Tribute to Software Quality

The world lost a fellow named Watts Humphrey in the month of October.  Mr. Humphrey was known as the father of software quality, a topic that for most people is unlikely to stir strong emotion, and I suppose that could mean he excelled in his mission.  If the phrase “software quality” conjured up for most people feelings of anger or disregard, then perhaps good old Mr.
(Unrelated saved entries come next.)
Lemma label_q i : P (vq S i) = 2 \/ P (vq S i) = 3.
Proof.
edge (adj_qS' (in_Slast i)); edge (adj_Q'q (qlast i)); edge (adj_Q'qstar (qlast i)).
by have := label_S' jlast; have := label_qstar; lia.
Qed.

Definition label_colour_class := [set i | P (vq S i) == 3].

Lemma label_colour_class_meets j : label_colour_class :&: S j != set0.
Proof.
have [|/=|z /adj_S'_cases [[i ij ->]|[k ->]|->]] :=
  @label_level_neighbour (vS' S j) (vS' S (other j)); rewrite ?label_S' ?label_S ?Pw //.
- by rewrite (inj_eq (@vS'_inj _ _ S)) eq_sym other_neq.
- by move=> Pi; apply/set0Pn; exists i; rewrite !inE Pi eqxx ij.
Qed.

Lemma label_colour_class_compl_meets j : ~: label_colour_class :&: S j != set0.
Proof.
apply/negP=> /eqP noQ2; have [_ _ cP] := lab.
have Pq3 i : i \in S j -> P (vq S i) = 3.
  move=> ij; case: (label_q i) => // Pi.
  by have := in_set0 i; rewrite -noQ2 !inE Pi ij.
(* S_j and its q^i_j: within level 2 they can only be left through some q_i
   with i in S_j, and those are all at level 3. *)
pose C := [set x | (x == vS S j) || [exists p : Qp S, (x == vQ p) && ((val p).2 == j)]].
have clC : closed_in (G_adj S) [set x | P x == 2] C.
  move=> x y; rewrite !inE => /orP [/eqP -> | /existsP [p /andP [/eqP -> /eqP pj]]] /eqP Py.
  - case/adj_S_cases => [[k Ey] | [p pj Ey] | Ey | Ey]; move: Py;
      rewrite Ey ?label_S' ?label_u1 ?label_u2 //.
    by move=> _; apply/orP; right; apply/existsP; exists p; rewrite pj !eqxx.
  - case/adj_Q'_cases => Ey; move: Py; rewrite Ey ?label_qstar ?pj ?eqxx //.
    by rewrite Pq3 // -pj (valP p).
have := connected_in_closed (x := vS S j) (y := vS S (other j)) (cP 2 isT) clC.
rewrite !inE !label_S !eqxx (inj_eq (@vS_inj _ _ S)) (negbTE (other_neq j)) /=.
by move=> /(_ isT isT isT) /existsP [p].
Qed.
Lemma stieltjes_even_rec n :
  stieltjes n.*2.+4 = ('X + (c n.*2.+2 + c n.*2.+3)%:P) * stieltjes n.*2.+2
                      - (c n.*2.+1 * c n.*2.+2)%:P * stieltjes n.*2.
Proof.
have Q4 := stieltjesSS n.*2.+2; have Q3 := stieltjesSS n.*2.+1.
have Q2 := stieltjesSS n.*2.
rewrite /= odd_double expr1 expr0 mul1r in Q4 Q3 Q2.
have XQ1 : 'X * stieltjes n.*2.+1 = stieltjes n.*2.+2 - (c n.*2.+1)%:P * stieltjes n.*2.
  by rewrite Q2 addrK.
by rewrite Q4 Q3 mulrDr mulrCA XQ1 polyCD polyCM; ring.
Qed.

Variable f : series K.
Hypothesis f0 : f 0 = 1.
Hypothesis stieltjes_orth : forall n (p : {poly K}), (size p <= n)%N ->
  moment f (p * stieltjes n.*2) = 0.

Lemma moment_Xuphalf_stieltjes k : moment f ('X^(uphalf k) * stieltjes k.+2) = 0.
Proof.
have [n [-> | ->]] := double_or_doubleS k.
  by rewrite -doubleS stieltjes_orth // size_polyXn uphalf_double.
rewrite uphalfE /= half_double exprSr -mulrA.
have := stieltjesSS n.*2.+2; rewrite /= odd_double expr1 => Q4.
rewrite -[_ * stieltjes _.+3](addrK ((c n.*2.+3)%:P * stieltjes n.*2.+2)).
rewrite -Q4 mulrBr momentB -!doubleS mulrCA mul_polyC.
by rewrite momentZ !stieltjes_orth ?size_polyXn ?mulr0 ?subr0.
Qed.

Definition stieltjes_table k : series K :=
  if k is k'.+1 then fun j => moment f ('X^(j + uphalf k') * stieltjes k')
  else ps_one K.

(* Row 0 of the table is 1 and row 1 is f; since f 0 = 1, they fit the table
   recurrence once c_0 is taken to be -1. *)
Let table_coef k := if k is 0 then -1 else c k.

Lemma stieltjes_table_rec k n :
  stieltjes_table k.+1 n + table_coef k * stieltjes_table k n =
  if n is m.+1 then stieltjes_table k.+2 m else 0.
Proof.
case: k => [|k] /=.
  rewrite /stieltjes /=; case: n => [|m];
  by rewrite /ps_one /= mulN1r !mulr1 ?addn0 ?addn1 momentXn ?f0 ?subrr ?subr0.
have -> : moment f ('X^(n + uphalf k.+1) * stieltjes k.+1)
          + c k.+1 * moment f ('X^(n + uphalf k) * stieltjes k)
          = moment f ('X^(n + uphalf k) * stieltjes k.+2).
  rewrite stieltjesSS mulrDr momentD uphalfS addnA exprD -mulrA.
  by rewrite [_ * (_%:P * _)]mulrCA mul_polyC momentZ.
by case: n => [|m]; rewrite ?moment_Xuphalf_stieltjes // addSn -addnS.
Qed.

Theorem cf_expands_stieltjes : cf_expands c f.
Proof.
apply: (@cf_expands_ext _ table_coef _ (stieltjes_table 1)) => [[] // | n |].
  by rewrite /= addn0 /stieltjes /= mulr1 momentXn.
exact: cf_expands_table stieltjes_table_rec.
Qed.

End StieltjesPolynomials.

(** * The q-Bernoulli-Carlitz moments *)

Section QBernoulliCarlitz.
Variables (F : fieldType) (q : F).
Hypothesis q_neq0 : q != 0.
Hypothesis q_expS_neq1 : forall k, q ^+ k.+1 != 1.

(* [qnat] and [qcf_coef] are [qint] and [cf_coef] over an arbitrary field: at
   [q := qv] they unfold to the definitions used in the statement. *)
Definition qnat m : F := (q ^+ m - 1) / (q - 1).

Definition qcf_coef k : F :=
  if odd k then
    let n := k.+1./2 in q ^+ n * qnat n ^+ 2 * qnat n.+1 / (qnat n.*2 * qnat n.*2.+1)
  else
    let n := k./2 in - (qnat n * qnat n.+1 ^+ 2 / (qnat n.*2.+1 * qnat n.*2.+2)).

Lemma q_expS_sub1_neq0 k : q ^+ k.+1 - 1 != 0.
Proof. by rewrite subr_eq0 q_expS_neq1. Qed.

Lemma q_exp_sub1_neq0 k : (0 < k)%N -> q ^+ k - 1 != 0.
Proof. by case: k => // k _; apply: q_expS_sub1_neq0. Qed.

Lemma q_sub1_neq0 : q - 1 != 0.
Proof. by rewrite -[q]expr1 q_expS_sub1_neq0. Qed.

Lemma q_add1_neq0 : q + 1 != 0.
Proof.
apply: contraNneq (q_expS_neq1 1) => q_eqN1.
have -> : q ^+ 2 = 1 + (q - 1) * (q + 1) by ring.
by rewrite q_eqN1 mulr0 addr0.
Qed.

Lemma qnat_neq0 k : qnat k.+1 != 0.
Proof. by rewrite mulf_neq0 ?invr_eq0 ?q_sub1_neq0 ?q_expS_sub1_neq0. Qed.

Lemma qnat0 : qnat 0 = 0.
Proof. by rewrite /qnat expr0 subrr mul0r. Qed.

Lemma qnat1 : qnat 1 = 1.
Proof. by rewrite /qnat expr1 mulfV ?q_sub1_neq0. Qed.

Lemma qnatS k : qnat k.+1 = 1 + q * qnat k.
Proof. by rewrite /qnat exprS; field; rewrite q_sub1_neq0. Qed.

Definition qfact k := \prod_(i < k) qnat i.+1.

Lemma qfactS k : qfact k.+1 = qfact k * qnat k.+1.
Proof. by rewrite /qfact big_ord_recr. Qed.

Lemma qfact_neq0 k : qfact k != 0.
Proof. by rewrite /qfact prodf_seq_neq0; apply/allP => i _; rewrite qnat_neq0. Qed.

(* Once q-integers are unfolded, [field] asks for products of powers of q minus 1
   to be nonzero: fold each product back into a single power q ^+ e with e > 0. *)
Ltac qnat_side_conditions :=
  repeat (apply/andP; split);
  rewrite ?qfact_neq0 ?q_sub1_neq0 ?q_add1_neq0 ?q_neq0 ?oppr_eq0 ?oner_eq0 //;
  repeat (rewrite -exprS || rewrite -exprSr || rewrite -exprD || rewrite -expr2);
  apply: q_exp_sub1_neq0; lia.

Lemma qcf_coef_odd n : qcf_coef n.*2.+1 =
  q ^+ n.+1 * qnat n.+1 ^+ 2 * qnat n.+2 / (qnat n.+1.*2 * qnat n.+1.*2.+1).
Proof. by rewrite /qcf_coef /= odd_double /= half_double. Qed.

Lemma qcf_coef_even n : qcf_coef n.*2.+2 =
  - (qnat n.+1 * qnat n.+2 ^+ 2 / (qnat n.+1.*2.+1 * qnat n.+1.*2.+2)).
Proof. by rewrite /qcf_coef /= odd_double /= half_double. Qed.

Definition qfalling j : {poly F} := \prod_(i < j) ('X - (qnat i)%:P).

Lemma qfallingS j : qfalling j.+1 = qfalling j * ('X - (qnat j)%:P).
Proof. by rewrite /qfalling big_ord_recr. Qed.

Lemma qfalling_monic j : qfalling j \is monic.
Proof. by apply: monic_prod => i _; apply: monicXsubC. Qed.

Lemma size_qfalling j : size (qfalling j) = j.+1.
Proof.
elim: j => [|j IH]; first by rewrite /qfalling big_ord0 size_poly1.
rewrite qfallingS size_Mmonic ?monicXsubC ?monic_neq0 ?qfalling_monic //.
by rewrite IH size_XsubC addn2.
Qed.

Lemma mulX_qfalling j : 'X * qfalling j = qfalling j.+1 + qnat j *: qfalling j.
Proof. by rewrite qfallingS -mul_polyC; ring. Qed.

Lemma qfalling_comp_dilation j :
  qfalling j.+1 \Po (1 + q *: 'X) = q ^+ j *: ((1 + q *: 'X) * qfalling j).
Proof.
elim: j => [|j IH].
  by rewrite qfallingS /qfalling big_ord0 mul1r qnat0 subr0 comp_polyX scale1r mulr1.
rewrite qfallingS comp_polyM IH comp_polyB comp_polyX comp_polyC qnatS qfallingS.
by rewrite -!mul_polyC polyCD polyCM exprS -polyCM; ring.
Qed.

Lemma qfalling_coef01 j :
  (qfalling j.+1)`_0 = 0 /\ (qfalling j.+1)`_1 = (-1) ^+ j * qfact j.
Proof.
elim: j => [|j [IH0 IH1]].
  by rewrite qfallingS /qfalling big_ord0 mul1r qnat0 subr0 !coefX /qfact big_ord0 mulr1.
rewrite qfallingS mulrBr !coefB !coefMX !coefMC /= IH0 IH1 qfactS mul0r subr0.
by split => //; rewrite exprS; ring.
Qed.

Lemma moment_qfalling_mulXC (g : nat -> F) j b P :
  moment g (qfalling j * (('X + b%:P) * P))
  = moment g (qfalling j.+1 * P) + (qnat j + b) * moment g (qfalling j * P).
Proof.
have -> : qfalling j * (('X + b%:P) * P)
          = qfalling j.+1 * P + (qnat j + b) *: (qfalling j * P).
  rewrite -[qfalling j.+1](addrK (qnat j *: qfalling j)) -mulX_qfalling.
  by rewrite -!mul_polyC polyCD; ring.
by rewrite momentD momentZ.
Qed.

(* [j]_q [j-1]_q ... [j-n+1]_q; for j < n the truncated subtraction produces the
   factor [qnat 0] = 0, as it should. *)
Definition qffact j n := \prod_(i < n) qnat (j - i).

Lemma qffactS j n : qffact j n.+1 = qffact j n * qnat (j - n).
Proof. by rewrite /qffact big_ord_recr. Qed.

Lemma qffactSS j n : qffact j.+1 n.+1 = qnat j.+1 * qffact j n.
Proof. by rewrite /qffact big_ord_recl subn0. Qed.

Lemma qffact_eq0 j n : (j < n)%N -> qffact j n = 0.
Proof.
by move=> lt_jn; rewrite /qffact (bigD1 (Ordinal lt_jn)) //= subnn qnat0 mul0r.
Qed.

Definition qorth_scale n :=
  qnat 2 * \prod_(i < n) (q ^+ i * qnat i.+2 ^+ 3 / (qnat i.*2.+2 * qnat i.*2.+3)).

Definition orth_moment n j :=
  qorth_scale n * (- q) ^+ j * qfact j ^+ 2 * qffact j n / qfact (j + n).+2.

Lemma orth_moment1 j :
  orth_moment 1 j = orth_moment 0 j.+1 + (qnat j + qcf_coef 1) * orth_moment 0 j.
Proof.
rewrite /orth_moment /qorth_scale !big_ord_recr !big_ord0 /= qffactS /qffact !big_ord0.
rewrite !addn0 addn1 !qfactS subn0 (qcf_coef_odd 0) /qnat !(exprS q) (exprS (-q)).
by field; qnat_side_conditions.
Qed.

(* Turns [qnat (j - n) * qnat (j - n.+1)] into a rational function of q ^+ (j - n)
   valid also for j = n, so that one [field] call covers every j >= n below. *)
Lemma qnat_mul_pred m : qnat m * qnat m.-1 = qnat m * (qnat m - 1) / q.
Proof. by case: m => [|m]; rewrite ?qnat0 ?mul0r // qnatS; field. Qed.
(* There is an isomorphism of multiplicative groups $\sigma:(\mathbb Q\setminus\{0\},\cdot)\to(\mathbb F_3(t)\setminus\{0\},\cdot)$, and letting $\lambda\in\mathbb Q$ act on $V=\mathbb Q\oplus\mathbb F_3(t)$ by $\lambda(v_1,v_2)=(\lambda v_1,\sigma(\lambda)v_2)$ (with $\sigma(0)=0$) makes $(V,\mathbb Q)$ a near vector space over the commutative $F=\mathbb Q$ whose two blocks $\mathbb Q\oplus0$ and $0\oplus\mathbb F_3(t)$ induce fields $(F,+_u,\circ)$ of different characteristics ($0$ and $3$).
   Context: A near vector space $(V,F)$: $(V,+)$ a group, $F$ a set of endomorphisms containing $0,1,-1$, with $F\setminus\{0\}$ a subgroup of $\mathrm{Aut}(V,+)$ acting fixed point freely ($\alpha x=\beta x\Rightarrow\alpha=\beta$ or $x=0$), such that the quasi-kernel $Q(V)=\{u:\forall\alpha,\beta\in F\,\exists\gamma\in F\ \alpha u+\beta u=\gamma u\}$ generates $V$. For $u\in Q(V)\setminus\{0\}$, $\alpha+_u\beta$ is the unique $\gamma\in F$ with $\alpha u+\beta u=\gamma u$; for commutative $F$, $(F,+_u,\circ)$ is a field. Blocks are the summands in André's decomposition of $V$ into maximal regular near vector subspaces, each nonzero quasi-kernel element lying in exactly one. *)

From HB Require Import structures.
From mathcomp Require Import all_boot all_order all_algebra.
Set Implicit Arguments. Unset Strict Implicit. Unset Printing Implicit Defensive.
Import Order.TTheory GRing.Theory Num.Theory.
Local Open Scope ring_scope.

(* Generic near vector space notions.  V is the additive group; F is *)
(* a set (predicate) of maps V -> V; W is a subset of V (W = all of V *)
(* for the ambient space, or a candidate near vector subspace, on     *)
(* which F acts by restriction).                                      *)
Section NVS.
Variable V : zmodType.

Definition zero_map : V -> V := fun _ => 0.

Definition setTV : V -> Prop := fun _ => True.

Definition agree_on (W : V -> Prop) (f g : V -> V) : Prop :=
  forall x, W x -> f x = g x.

Definition quasi_kernel (F : (V -> V) -> Prop) (W : V -> Prop) (u : V) : Prop :=
  W u /\ (forall a b, F a -> F b -> exists2 c, F c & a u + b u = c u).

Inductive gen (S : V -> Prop) : V -> Prop :=
| gen_in x : S x -> gen S x
| gen0 : gen S 0
| genD x y : gen S x -> gen S y -> gen S (x + y)
| genN x : gen S x -> gen S (- x).

Definition subgroup_of (W : V -> Prop) : Prop :=
  W 0 /\ (forall x y, W x -> W y -> W (x + y)) /\ (forall x, W x -> W (- x)).

Definition endos_of (F : (V -> V) -> Prop) (W : V -> Prop) : Prop :=
  forall f, F f -> (forall x y, f (x + y) = f x + f y) /\ (forall x, W x -> W (f x)).

Definition has_0_1_m1 (F : (V -> V) -> Prop) : Prop :=
  F zero_map /\ F id /\ F (fun x => - x).

Definition units_subgroup (F : (V -> V) -> Prop) (W : V -> Prop) : Prop :=
  (forall f g, F f -> F g -> exists2 h, F h & agree_on W h (f \o g))
  /\ (forall f, F f -> ~ agree_on W f zero_map ->
        exists2 g, F g & ((forall x, W x -> g (f x) = x) /\ (forall x, W x -> f (g x) = x))).

Definition fixed_point_free (F : (V -> V) -> Prop) (W : V -> Prop) : Prop :=
  forall f g x, F f -> F g -> W x -> f x = g x -> agree_on W f g \/ x = 0.

Definition qk_generates (F : (V -> V) -> Prop) (W : V -> Prop) : Prop :=
  forall x, W x -> gen (quasi_kernel F W) x.

Definition near_vector_space (F : (V -> V) -> Prop) (W : V -> Prop) : Prop :=
  subgroup_of W /\ endos_of F W /\ has_0_1_m1 F /\ units_subgroup F W /\
  fixed_point_free F W /\ qk_generates F W.

(* u, v in Q(W)\{0} are compatible if u + l v in Q(W) for some nonzero l in F;
   W is regular if any two such elements are compatible (Andre). *)
Definition regular (F : (V -> V) -> Prop) (W : V -> Prop) : Prop :=
  forall u v, quasi_kernel F W u -> quasi_kernel F W v -> u <> 0 -> v <> 0 ->
    exists2 l, F l & (~ agree_on W l zero_map /\ quasi_kernel F W (u + l v)).

Definition is_block (F : (V -> V) -> Prop) (W : V -> Prop) : Prop :=
  [/\ near_vector_space F W, regular F W &
      forall W', near_vector_space F W' -> regular F W' ->
        (forall x, W x -> W' x) -> forall x, W' x -> W x].

(* nmul_one F u n g : g is n * 1 computed in (F, +_u), i.e. iterating
   g_{n+1} = g_n +_u 1 where a +_u b is the c in F with a u + b u = c u. *)
Inductive nmul_one (F : (V -> V) -> Prop) (u : V) : nat -> (V -> V) -> Prop :=
| nm0 : nmul_one F u 0 zero_map
| nmS n g h : nmul_one F u n g -> F h -> g u + id u = h u -> nmul_one F u n.+1 h.

Definition field_char (F : (V -> V) -> Prop) (u : V) (p : nat) : Prop :=
  (forall n g, (0 < n)%N -> (p == 0%N) || (n < p)%N -> nmul_one F u n g ->
     ~ agree_on setTV g zero_map)
  /\ ((0 < p)%N -> exists2 g, nmul_one F u p g & agree_on setTV g zero_map).

End NVS.

Definition F3t := {fraction {poly 'F_3}}.
Definition Vex := (rat * F3t)%type.

Definition act (sigma : rat -> F3t) (l : rat) (v : Vex) : Vex :=
  (l * v.1, sigma l * v.2).

Definition Fex (sigma : rat -> F3t) : (Vex -> Vex) -> Prop :=
  fun f => exists l : rat, f = act sigma l.

Definition block1 : Vex -> Prop := fun v => v.2 = 0.
Definition block2 : Vex -> Prop := fun v => v.1 = 0.

(* Q^x is {+-1} times the free abelian group on the primes, and F_3(t)^x is
   F_3^x = {+-1} times the free abelian group on the monic irreducible polynomials.
   Both families of generators are countably infinite, so a bijection Q from the
   primes onto the monic irreducibles extends, by unique factorisation, to a
   multiplicative bijection sigma (+-a/b) = +-Q(a)/Q(b).
   A vector (a, b) with a, b <> 0 is then not in the quasi-kernel: u + u = k u forces
   k = 2 in Q but sigma k = 2 = -1 = sigma (-1) in F_3(t).  Hence the quasi-kernel is
   the union of the two axes, every regular near vector subspace lies in one axis,
   and the axes are the blocks.  On an axis the n-fold sum 1 +_u ... +_u 1 maps u to
   n u, computed in Q resp. F_3(t), which gives the characteristics 0 and 3. *)

From HB Require Import structures.
From mathcomp Require Import all_boot all_order all_algebra.
From mathcomp Require Import finmap boolp classical_sets cardinality.
From mathcomp Require Import zify ring lra.

Set Implicit Arguments.
Unset Strict Implicit.
Unset Printing Implicit Defensive.

Import GRing.Theory Num.Theory.
Local Open Scope ring_scope.

Section NearVectorSpaceTheory.
Variables (V : zmodType) (F : (V -> V) -> Prop).

Lemma gen_ind (S B : V -> Prop) :
  subgroup_of B -> (forall x, S x -> B x) -> forall x, gen S x -> B x.
Proof. by move=> [B0 [BD BN]] SB x; elim=> //; auto. Qed.

Lemma near_vector_space_sub (W B : V -> Prop) :
  near_vector_space F W -> subgroup_of B ->
  (forall u, quasi_kernel F W u -> u <> 0 -> B u) -> forall x, W x -> B x.
Proof.
move=> [_ [_ [_ [_ [_ qkW]]]]] subB qkB x /qkW; apply: (gen_ind subB) => u qku.
by case: (eqVneq u 0) => [->|/eqP u0]; [case: subB | exact: qkB].
Qed.

Lemma nmul_one_eval u n g : nmul_one F u n g -> g u = u *+ n.
Proof. by elim=> [|m g' h _ IH _ <-]; rewrite ?mulr0n // IH mulrSr. Qed.

Lemma nmul_one_exists W u n :
  has_0_1_m1 F -> quasi_kernel F W u -> exists2 g, F g & nmul_one F u n g.
Proof.
move=> [F0 [F1 _]] [_ qku]; elim: n => [|n [g Fg gn]].
  by exists (@zero_map V) => //; apply: nm0.
have [h Fh e] := qku g id Fg F1.
by exists h => //; apply: nmS gn Fh e.
Qed.

End NearVectorSpaceTheory.

Lemma eq_mulr_eq0 (R : idomainType) (a b x : R) : a != b -> a * x = b * x -> x = 0.
Proof.
move=> ab e; apply/eqP; move: (subrr (b * x)); rewrite -{1}e -mulrBl.
by move/eqP; rewrite mulf_eq0 subr_eq0 (negPf ab).
Qed.

Lemma mul_morph_inj (K L : fieldType) (f : K -> L) : {morph f : x y / x * y} ->
  (forall x, (f x == 0) = (x == 0)) -> (forall x, f x = 1 -> x = 1) -> injective f.
Proof.
move=> fM f0 f1 x y fxy; have [y0|y0] := eqVneq y 0.
  by move: fxy; rewrite y0 => fx0; apply/eqP; rewrite -f0 fx0 f0.
have fy0 : f y != 0 by rewrite f0.
rewrite -(divfK y0 x) (f1 (x / y)) ?mul1r //.
by apply: (mulIf fy0); rewrite -fM divfK // fxy mul1r.
Qed.

Section MonicIrreducible.
Variable R : fieldType.
Implicit Types p q f : {poly R}.

Definition monic_irreducible p : Prop := p \is monic /\ irreducible_poly p.

Lemma monic_irreducible_coprime p q :
  monic_irreducible p -> monic_irreducible q -> p != q -> coprimep p q.
Proof.
move=> [mp ip] [mq iq] pq; rewrite (irreducible_poly_coprime _ ip).
apply: contra pq => /(apply_irredp iq); rewrite -eqp_monic //; apply.
by rewrite neq_ltn ip.1 orbT.
Qed.

Lemma monic_irreducible_scale f : irreducible_poly f ->
  monic_irreducible ((lead_coef f)^-1 *: f).
Proof.
move=> [sf irrf]; have l0 : lead_coef f != 0 by rewrite lead_coef_eq0 -size_poly_gt0 ltnW.
split; first by rewrite monicE lead_coefZ mulVf.
split=> [|d sd]; first by rewrite size_scale ?invr_eq0.
rewrite dvdpZr ?invr_eq0 // => /(irrf _ sd) /eqp_trans; apply.
by rewrite eqp_sym eqp_scale ?invr_eq0.
Qed.

Lemma monic_irreducible_dvd f : (1 < size f)%N -> exists2 q, monic_irreducible q & q %| f.
Proof.
elim: {f}_.+1 {-2}f (ltnSn (size f)) => // n IHn f /ltnSE sfn sf.
have [irrf|] := pselect (irreducible_poly f).
  exists ((lead_coef f)^-1 *: f); first exact: monic_irreducible_scale.
  by rewrite dvdpZl // invr_eq0 lead_coef_eq0 -size_poly_gt0 ltnW.
move=> /not_andP[/negP|/existsNP[d /not_implyP[sd /not_implyP[df /negP ndf]]]].
  by rewrite sf.
have f0 : f != 0 by rewrite -size_poly_gt0 ltnW.
have d0 : d != 0 by apply: contraTneq df => ->; rewrite dvd0p.
have sdf : (size d < size f)%N by rewrite ltn_neqAle dvdp_size_eqp // ndf dvdp_leq.
have [|q mq qd] := IHn d (leq_trans sdf sfn); first by rewrite ltn_neqAle eq_sym sd size_poly_gt0.
by exists q => //; apply: dvdp_trans qd df.
Qed.
Lemma infinite_monic_irreducible : infinite_set [set p | monic_irreducible p].
Proof.
move=> /finite_fsetP[X eX].
have Xin q : q \in X -> monic_irreducible q.
  by move=> qX; have : [set` X]%classic q by []; rewrite -eX.
have inX q : monic_irreducible q -> q \in X.
  by move=> mq; have : [set` X]%classic q by rewrite -eX.
have mg : \prod_(q <- X) q \is monic by rewrite big_seq monic_prod // => q /Xin[].
have sf : (1 < size ('X * \prod_(q <- X) q + 1)%R)%N.
  by rewrite size_polyDl mulrC size_mulX ?monic_neq0 ?size_poly1 // ltnS size_poly_gt0 monic_neq0.
have [q mq /[dup] qf] := monic_irreducible_dvd sf.
rewrite dvdp_addr ?dvdp_mull ?(big_rem q (inX q mq)) ?dvdp_mulr // dvdp1 => /eqP sq1.
by move: mq => [_ [+ _]]; rewrite sq1.
Qed.

End MonicIrreducible.

Lemma infinite_primes : infinite_set [set p | prime p].
Proof.
move=> /finite_fsetP[X eX]; have [p ltp pp] := prime_above (\max_(x <- X) x).
have : [set` X]%classic p by rewrite -eX.
by move=> /= pX; move: ltp; rewrite ltnNge (@leq_bigmax_seq _ _ xpredT id).
Qed.

Lemma prime_monic_irreducible_bij (R : countFieldType) : exists Q : nat -> {poly R},
  [/\ forall p, prime p -> monic_irreducible (Q p),
      {in prime &, injective Q}
    & forall q, monic_irreducible q -> exists2 p, prime p & Q p = q].
Proof.
set A := [set q : {poly R} | monic_irreducible q]%classic; set B := [set p | prime p]%classic.
have /card_set_bijP[f [fAB finj fsurj]] : (A #= B)%card.
  apply: Cantor_Bernstein; apply: card_le_trans (countableP _) _; apply/infiniteP.
    exact: infinite_primes.
  exact: infinite_monic_irreducible.
have /choice[Q hQ] p : exists q, prime p -> A q /\ f q = p.
  have [pp|] := boolP (prime p); last by exists 0.
  by have [q Aq fq] := fsurj p pp; exists q.
exists Q; split=> [p /hQ[] //|p r pp pr eQ|q mq].
  by rewrite -(hQ p pp).2 -(hQ r pr).2 eQ.
have pq : prime (f q) by apply: fAB.
by exists (f q) => //; apply: finj; rewrite ?inE ?(hQ _ pq).2 //; exact: (hQ _ pq).1.
Qed.


Section PolyOfNat.
Variables (R : fieldType) (Q : nat -> {poly R}).
Hypotheses (Q_irr : forall p, prime p -> monic_irreducible (Q p))
  (Q_inj : {in prime &, injective Q})
  (Q_surj : forall q, monic_irreducible q -> exists2 p, prime p & Q p = q).

Definition poly_of_nat (n : nat) : {poly R} := \prod_(p < n.+1 | prime p) Q p ^+ logn p n.

Lemma poly_of_nat_widen n N : (n < N)%N ->
  poly_of_nat n = \prod_(p < N | prime p) Q p ^+ logn p n.
Proof.
move=> nN; rewrite /poly_of_nat (big_ord_widen_cond _ _ (fun p : nat => Q p ^+ logn p n) nN).
rewrite [RHS]big_mkcond [LHS]big_mkcond; apply: eq_bigr => i _.
case: (prime i) => //=; case: ltnP => // ni; rewrite lognE.
by case: (posnP n) => [->|n0]; rewrite ?andbF // gtnNdvd // !andbF.
Qed.

Lemma poly_of_natM m n : (0 < m)%N -> (0 < n)%N ->
  poly_of_nat (m * n) = poly_of_nat m * poly_of_nat n.
Proof.
move=> m0 n0; set N := (m * n).+1.
rewrite !(@poly_of_nat_widen _ N) ?ltnS ?leq_pmulr ?leq_pmull // -big_split /=.
by apply: eq_bigr => i _; rewrite lognM // exprD.
Qed.

Lemma poly_of_nat1 : poly_of_nat 1 = 1.
Proof. by rewrite /poly_of_nat big1 // => i _; rewrite logn1. Qed.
Humphrey should not have felt proud of his nickname.  Instead, and especially in the last 10 years or so, software quality has been so important to world commerce, human health and safety, and human leisure that one can seriously ask the question, “Without optimal software quality, what would we have?”  In helping us arrive at this point, where we take for granted that things just work, we should hit pause and ponder for a second how remarkable that is.  When we start our cars, or turn on our iPods, or order up a movie on cable, we don’t close our eyes, cross our fingers, and hope for the best.  We may do that when we watch a shuttle launch but I think that anxiety has more to do with the explosive that is set to be ignited than it is about the quality of the software that is controlling it.  But for the everyday computerized tasks and machines of our lives, we don’t think about the behind-the-scenes process at all.  We take for granted that these things will produce the result we expect.  Yes, I know about software bugs but I also know computing and computing processes are more sophisticated than they have ever been, and increasingly glitches get fixed before we even know anything happened.  For all of that, we can thank people like Watts Humphrey who toiled away in unglamorous occupations, thinking of logical ways to improve how machines and people can work better together.